リサの積極性を考えたらそれは無理なんじゃ・・・と思ったけど、抱きしめたり手を握ったりしても、それ以上はないようにしようと、理性を保つことは出来ていた。
「普通それは理性保たねぇよ。」
翌日、貸していた小説の続きと、洗濯された衣服を受け取りに夕陽がうちに来た。
そしてリサとのやり取りを話していたら、そう返答された。
「そう・・・なの?」
俺が紅茶を淹れながら聞き返すと、夕陽は本棚の前に立ったまま不思議そうに首を傾げた。

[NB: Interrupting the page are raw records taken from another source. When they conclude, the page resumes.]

(* Let $R\subseteq\mathcal{D}^\Sigma$ be an $n$-ary relation ($n=|\Sigma|$) that is join reducible to $N$ factors of arity at most $l$, i.e. $R=R^{\Lambda_1}\Join\dots\Join R^{\Lambda_N}$ for a cover $\Sigma=\Lambda_1\cup\dots\cup\Lambda_N$ with $0<|\Lambda_i|<n$, $|\Lambda_i|\le l$, and suppose $N\le|\mathcal{D}|^{n-l-1}$. Then $\neg R$ is projoin reducible. In particular, if $R$ has a $k$-key with $k\le n-4$ when $|\mathcal{D}|=2$, or with $k\le n-3$ when $|\mathcal{D}|\ge3$, then $\neg R$ is projoin reducible.
   Context: Attributed relation: $R\subseteq\mathcal{D}^\Sigma$, $\Sigma$ finite; $\neg R=\mathcal{D}^\Sigma\setminus R$; $\pi_\Gamma$ restricts tuples to $\Gamma$. The join of $R_i\subseteq\mathcal{D}^{\Lambda_i}$ is $\{a\in\mathcal{D}^{\cup_i\Lambda_i}: a|_{\Lambda_i}\in R_i\ \forall i\}$. A proper subset $\textup{K}\subset\Sigma$ with $|\textup{K}|=k$ is a $k$-key of $R$ if for $a,b\in R$, $a|_{\textup{K}}=b|_{\textup{K}}$ implies $a=b$. $S\subseteq\mathcal{D}^\Sigma$ is projoin reducible if there exist a finite set $\textup{T}$ disjoint from $\Sigma$, a cover $\textup{T}\cup\Sigma=\Lambda_1\cup\dots\cup\Lambda_m$ with $0<|\Lambda_i|<|\Sigma|$, and $S^{\Lambda_i}\subseteq\mathcal{D}^{\Lambda_i}$ with $S=\pi_\Sigma[S^{\Lambda_1}\Join\dots\Join S^{\Lambda_m}]$. *)

From mathcomp Require Import all_boot.
Set Implicit Arguments. Unset Strict Implicit. Unset Printing Implicit Defensive.

(* A tuple over a subset Λ ⊆ X (an element of D^Λ) is encoded as a partial
   tuple {ffun X -> option D} whose domain (non-None coordinates) is Λ. *)

Section Rel.
Variables (D X : finType).

Definition ptuple := {ffun X -> option D}.

Definition pdom (t : ptuple) : {set X} := [set x | t x != None].

Definition restr (L : {set X}) (a : {ffun X -> D}) : ptuple :=
  [ffun x => if x \in L then Some (a x) else None].

Definition rel_on (L : {set X}) (R : {set ptuple}) : Prop :=
  forall t, t \in R -> pdom t = L.

Definition join m (L : 'I_m -> {set X}) (Rs : 'I_m -> {set ptuple})
  : {set {ffun X -> D}} :=
  [set a | [forall i, restr (L i) a \in Rs i]].

Definition covers m (L : 'I_m -> {set X}) : Prop :=
  \bigcup_(i < m) L i = [set: X].
End Rel.

(* projoin reducibility of S ⊆ D^Σ; the extra attributes T are a fresh finite
   type, disjointness from Σ is enforced by using the sum type T + Σ. *)
Definition projoin_reducible (D Sig : finType) (S : {set {ffun Sig -> D}}) : Prop :=
  exists (T : finType) (m : nat) (L : 'I_m -> {set (T + Sig)%type})
         (Rs : 'I_m -> {set ptuple D (T + Sig)%type}),
    [/\ 0 < m, covers L,
        (forall i, 0 < #|L i| < #|Sig|),
        (forall i, rel_on (L i) (Rs i)) &
        S = [set a : {ffun Sig -> D} |
              [exists b in join L Rs, [forall s : Sig, b (inr s) == a s]]]].

Definition join_reducible_to (D Sig : finType) (R : {set {ffun Sig -> D}})
  (N l : nat) : Prop :=
  exists (L : 'I_N -> {set Sig}) (Rs : 'I_N -> {set ptuple D Sig}),
    [/\ 0 < N, covers L,
        (forall i, 0 < #|L i| < #|Sig| /\ #|L i| <= l),
        (forall i, rel_on (L i) (Rs i)) &
        R = join L Rs].

Definition is_key (D Sig : finType) (R : {set {ffun Sig -> D}}) (K : {set Sig}) : Prop :=
  K \proper [set: Sig] /\
  forall a b : {ffun Sig -> D}, a \in R -> b \in R -> (forall x, x \in K -> a x = b x) -> a = b.

From mathcomp Require Import all_boot zify.

Set Implicit Arguments.
Unset Strict Implicit.
Unset Printing Implicit Defensive.

(* If R = R_1 ⋈ ... ⋈ R_N, then a ∉ R iff a|Λ_i ∉ R_i for some i.  Add a set T
   of t = n - l - 1 fresh attributes whose D-values name an index i (possible
   as N <= |D|^t) and let the i-th factor on T ∪ Λ_i say "if the selector names
   i, then a|Λ_i ∉ R_i".  The join of these factors, projected to Σ, is ¬R, and
   each factor has arity t + |Λ_i| <= n - 1.  A k-key K yields the
   decomposition of R into the n - k projections onto K ∪ {x}, x ∉ K, of arity
   k + 1; the bounds on k are exactly what makes n - k <= |D|^(n - k - 2). *)

Lemma restr_eqP (D X : finType) (L : {set X}) (a b : {ffun X -> D}) :
  restr L a = restr L b <-> {in L, a =1 b}.
Proof.
split=> [/ffunP eqab x xL | eqab].
- by move: (eqab x); rewrite !ffunE xL => -[].
- by apply/ffunP=> x; rewrite !ffunE; case: ifP => // /eqab ->.
Qed.

Lemma pdom_restr (D X : finType) (L : {set X}) (a : {ffun X -> D}) :
  pdom (restr L a) = L.
Proof. by apply/setP=> x; rewrite inE ffunE; case: (x \in L). Qed.

Lemma rel_on_restr (D X : finType) (L : {set X}) (B : {set {ffun X -> D}}) :
  rel_on L [set restr L b | b in B].
Proof. by move=> _ /imsetP [b _ ->]; apply: pdom_restr. Qed.

Lemma mem_imset_restr (D X : finType) (L : {set X}) (B : {set {ffun X -> D}})
    (b : {ffun X -> D}) :
  (forall b1 b2 : {ffun X -> D}, {in L, b1 =1 b2} -> b1 \in B -> b2 \in B) ->
  (restr L b \in [set restr L b' | b' in B]) = (b \in B).
Proof.
move=> B_local; apply/imsetP/idP => [[b' b'B /restr_eqP eqbb'] | bB].
- by apply: (B_local b') => // x /eqbb' ->.
- by exists b.
Qed.

Lemma surj_ord (A : finType) (N : nat) :
  0 < N <= #|A| -> exists f : A -> 'I_N, forall i, exists u, f u = i.
Proof.
case/andP=> N_gt0 le_N_A; pose i0 : 'I_N := Ordinal N_gt0.
exists (fun u => insubd i0 (enum_rank u : nat)) => i.
exists (enum_val (widen_ord le_N_A i)).
by apply: val_inj; rewrite enum_valK val_insubd /= ltn_ord.
Qed.

Section ComplementOfJoin.

Variables (D Sig T : finType) (N : nat).
Variables (L : 'I_N -> {set Sig}) (Rs : 'I_N -> {set ptuple D Sig}).
Variable sel : {ffun T -> D} -> 'I_N.
Hypothesis sel_surj : forall i, exists u, sel u = i.

Definition selector (b : {ffun (T + Sig) -> D}) : {ffun T -> D} :=
  [ffun x => b (inl x)].

Definition payload (b : {ffun (T + Sig) -> D}) : {ffun Sig -> D} :=
  [ffun s => b (inr s)].

Definition cofactor_dom (i : 'I_N) : {set (T + Sig)%type} :=
  (inl @: [set: T]) :|: (inr @: L i).

Definition cofactor_ext (i : 'I_N) : {set {ffun (T + Sig) -> D}} :=
  [set b | (sel (selector b) == i) ==> (restr (L i) (payload b) \notin Rs i)].

Definition cofactor (i : 'I_N) : {set ptuple D (T + Sig)%type} :=
  [set restr (cofactor_dom i) b | b in cofactor_ext i].

Lemma mem_cofactor i b : (restr (cofactor_dom i) b \in cofactor i) = (b \in cofactor_ext i).
Proof.
apply: mem_imset_restr => b1 b2 eqb; rewrite !inE.
have -> : selector b1 = selector b2.
  by apply/ffunP=> x; rewrite !ffunE eqb // inE imset_f.
suff -> : restr (L i) (payload b1) = restr (L i) (payload b2) by [].
by apply/restr_eqP=> s sL; rewrite !ffunE eqb // inE imset_f ?orbT.
Qed.

Lemma card_cofactor_dom i : #|cofactor_dom i| = #|T| + #|L i|.
Proof.
rewrite cardsU (card_imset _ inl_inj) (card_imset _ inr_inj) cardsT.
suff -> : inl @: [set: T] :&: inr @: L i = set0 by rewrite cards0 subn0.
by apply/setP=> z; rewrite !inE; apply/andP => -[/imsetP [x _ ->] /imsetP [y _]].
Qed.

Lemma covers_cofactor_dom : 0 < N -> covers L -> covers cofactor_dom.
Proof.
move=> N_gt0 covL; apply/setP=> -[x | s]; rewrite inE; apply/bigcupP.
- by exists (Ordinal N_gt0); rewrite // inE imset_f.
- have /bigcupP [i _ si] : s \in \bigcup_(i < N) L i by rewrite covL inE.
  by exists i; rewrite // inE imset_f ?orbT.
Qed.

Lemma setC_join_projoin :
  ~: join L Rs = [set a : {ffun Sig -> D} |
    [exists b in join cofactor_dom cofactor, [forall s, b (inr s) == a s]]].
Proof.
apply/setP=> a; rewrite !inE; apply/idP/existsP.
- case/forallPn=> i a_notin; have [u sel_u] := sel_surj i.
  pose b : {ffun (T + Sig) -> D} := [ffun z => match z with inl x => u x | inr s => a s end].
  exists b; rewrite inE; apply/andP; split; last by apply/forallP=> s; rewrite ffunE.
  apply/forallP=> j; rewrite mem_cofactor inE.
  have [-> ->] : selector b = u /\ payload b = a by split; apply/ffunP=> x; rewrite !ffunE.
  by rewrite sel_u; apply/implyP=> /eqP <-.
- case=> b /andP [bJ /forallP ba].
  have -> : a = payload b by apply/ffunP=> s; rewrite ffunE (eqP (ba s)).
  apply/forallP=> inR; move: bJ; rewrite inE => /forallP /(_ (sel (selector b))).
  by rewrite mem_cofactor inE eqxx inR.
Qed.

End ComplementOfJoin.

Lemma projoin_reducible_setC_join (D Sig : finType) (R : {set {ffun Sig -> D}}) N l :
  join_reducible_to R N l -> N <= #|D| ^ (#|Sig| - l - 1) -> projoin_reducible (~: R).
Proof.
case=> L [Rs] [N_gt0 covL szL relL ->] le_N.
pose T := 'I_(#|Sig| - l - 1).
have [sel sel_surj] : exists f : {ffun T -> D} -> 'I_N, forall i, exists u, f u = i.
  by apply: surj_ord; rewrite N_gt0 card_ffun card_ord.
exists T, N, (cofactor_dom T L), (cofactor L Rs sel); split => //.
- exact: covers_cofactor_dom.
- by move=> i; rewrite card_cofactor_dom card_ord; have := szL i; lia.
- by move=> i; apply: rel_on_restr.
- exact: setC_join_projoin.
Qed.

Lemma key_join_reducible (D Sig : finType) (R : {set {ffun Sig -> D}}) K :
  is_key R K -> #|K| + 2 <= #|Sig| -> join_reducible_to R #|~: K| (#|K| + 1).
Proof.
case=> /properP [_ [x0 _ x0K]] key le_K.
have x0C : x0 \in ~: K by rewrite inE.
pose L (i : 'I_#|~: K|) := enum_val i |: K.
have K_L i : {subset K <= L i} by move=> x xK; rewrite inE xK orbT.
have x_Lx x : x \in ~: K -> x \in L (enum_rank_in x0C x).
  by move=> xC; rewrite !inE enum_rankK_in ?eqxx.
exists L, (fun i => [set restr (L i) a | a in R]); split.
- by apply/card_gt0P; exists x0.
- apply/setP=> x; rewrite inE; apply/bigcupP.
  have [xK | xC] := boolP (x \in K); first by exists (enum_rank_in x0C x0); rewrite ?K_L.
  by exists (enum_rank_in x0C x); rewrite ?x_Lx ?inE.
- move=> i; have := enum_valP i; rewrite inE => iK.
  by rewrite cardsU1 iK; have := cardsC K; lia.
- by move=> i; apply: rel_on_restr.
apply/setP=> a; rewrite inE; apply/idP/forallP => [aR i | a_proj]; first exact: imset_f.
have witness i : exists2 b, b \in R & {in L i, a =1 b}.
  by case/imsetP: (a_proj i) => b bR /restr_eqP eqab; exists b.
have [b0 b0R eqab0] := witness (enum_rank_in x0C x0).
suff -> : a = b0 by [].
apply/ffunP=> x; have [xK | xC] := boolP (x \in K); first by rewrite eqab0 ?K_L.
have{}xC : x \in ~: K by rewrite inE.
have [b bR eqab] := witness (enum_rank_in x0C x).
have -> : b0 = b by apply: key => // y yK; rewrite -eqab0 ?eqab ?K_L.
by rewrite eqab ?x_Lx.
Qed.

Lemma key_factor_count d c :
  (d = 2 /\ 4 <= c) \/ (3 <= d /\ 3 <= c) -> c <= d ^ (c - 2).
Proof.
have step m : 2 <= d -> 2 <= m -> m <= d ^ (m - 2) -> m.+1 <= d ^ (m.+1 - 2).
  move=> d2 m2 IH; have -> : m.+1 - 2 = (m - 2).+1 by lia.
  by rewrite expnS; nia.
case=> [[d2 c4] | [d3 c3]].
- elim: c c4 => // c IH; rewrite leq_eqVlt => /predU1P [<- | c4]; first by rewrite d2.
  by apply: step => //; [lia | lia | exact: IH].
- elim: c c3 => // c IH; rewrite leq_eqVlt => /predU1P [<- | c3]; first by rewrite expn1.
  by apply: step => //; [lia | lia | exact: IH].
Qed.

Theorem theorem27 (D Sig : finType) (R : {set {ffun Sig -> D}}) :
  (forall N l : nat,
      join_reducible_to R N l ->
      N <= #|D| ^ (#|Sig| - l - 1) ->
      projoin_reducible (~: R))
  /\
  (forall K : {set Sig},
      is_key R K ->
      (#|D| = 2 /\ #|K| + 4 <= #|Sig|) \/ (3 <= #|D| /\ #|K| + 3 <= #|Sig|) ->
      projoin_reducible (~: R)).
Proof.
split=> [N l | K keyK small_K]; first exact: projoin_reducible_setC_join.
have cardKC := cardsC K.
apply: (projoin_reducible_setC_join (key_join_reducible keyK _)).
  by case: small_K; lia.
have -> : #|Sig| - (#|K| + 1) - 1 = #|~: K| - 2 by lia.
by apply: key_factor_count; case: small_K; lia.
Qed.
Lemma sat_cq_qmap k (psi : cq S k) e : sat_cq C psi e -> sat_cq (reduct M) psi (qmap e).
Proof.
case=> v /foldr_andP psi_v; exists (fun i => qmap (v i)); apply/foldr_andP.
have evalE t : eval_term (A := reduct M) (fun i => qmap (v i)) (qmap e) t =
    qmap (eval_term v e t) by case: t => [[i|]|c].
move=> [r|r t|r t1 t2|t c] /psi_v /=; rewrite ?evalE.
- by [].
- by exists (eval_term v e t).
- by exists (eval_term v e t1), (eval_term v e t2).
- by move=> ->.
Qed.

Definition dominates_class p b (X : qdom CC n) := forall d, sval X d -> dominates p b d.

Lemma dominates_class_le p p' b X :
  p' <= p -> dominates_class p b X -> dominates_class p' b X.
Proof. by move=> p'p bX d /bX; apply: dominates_le. Qed.

Lemma dominates_class_of p b X d :
  p <= n -> sval X d -> dominates p b d -> dominates_class p b X.
Proof.
move=> pn dX bd d' d'X j phi jp phi_d'; apply: (bd _ _ jp).
exact: ptp_equiv_sat (qdom_equiv d'X dX) (leq_trans jp pn) phi_d'.
Qed.

Lemma dominates_class_self X d : sval X d -> dominates_class n d X.
Proof. by move=> dX d' d'X j phi; apply: ptp_equiv_sat (qdom_equiv d'X dX). Qed.

Lemma dominates_cst w d c : dominates 1 w d -> sval (qmap (intc C c)) d -> w = intc C c.
Proof.
move=> wd cd; pose phi : cq S' 0 := [:: AEq (TVar S' None) c].
have phi_c : sat_cq CC phi (intc C c) by exists (fun _ => intc C c).
by have [u [] //] := wd 0 phi isT (ptp_equiv_sat cd n_gt0 phi_c).
Qed.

「あれ~?薫は女の子に対して性欲働いてねぇんじゃねぇの?」
「そんなことないよ?」
ゆっくり茶葉を引き上げて、少しだけミルクを注ぐ。
夕陽は俺の隣に来て、そっと俺の腰に手を回した。
「じゃあ・・・俺に対しては?」
彼の顔をゆっくり見上げると、いつものようにニコニコ微笑んでいた。
「え~っと・・・」
質問に素直に答えてしまうと、それは露骨に夕陽を喜ばせることになる。
彼はそれをわかっていて聞いているのかもしれないし、興味本位なのかもしれない。
もしくは俺を口説く目的でわざとそういうことを聞いてるんだろう。
けどいずれにしても、両者に対して誠実であろうと自分の中で誓っていたので、本音を言うことにした。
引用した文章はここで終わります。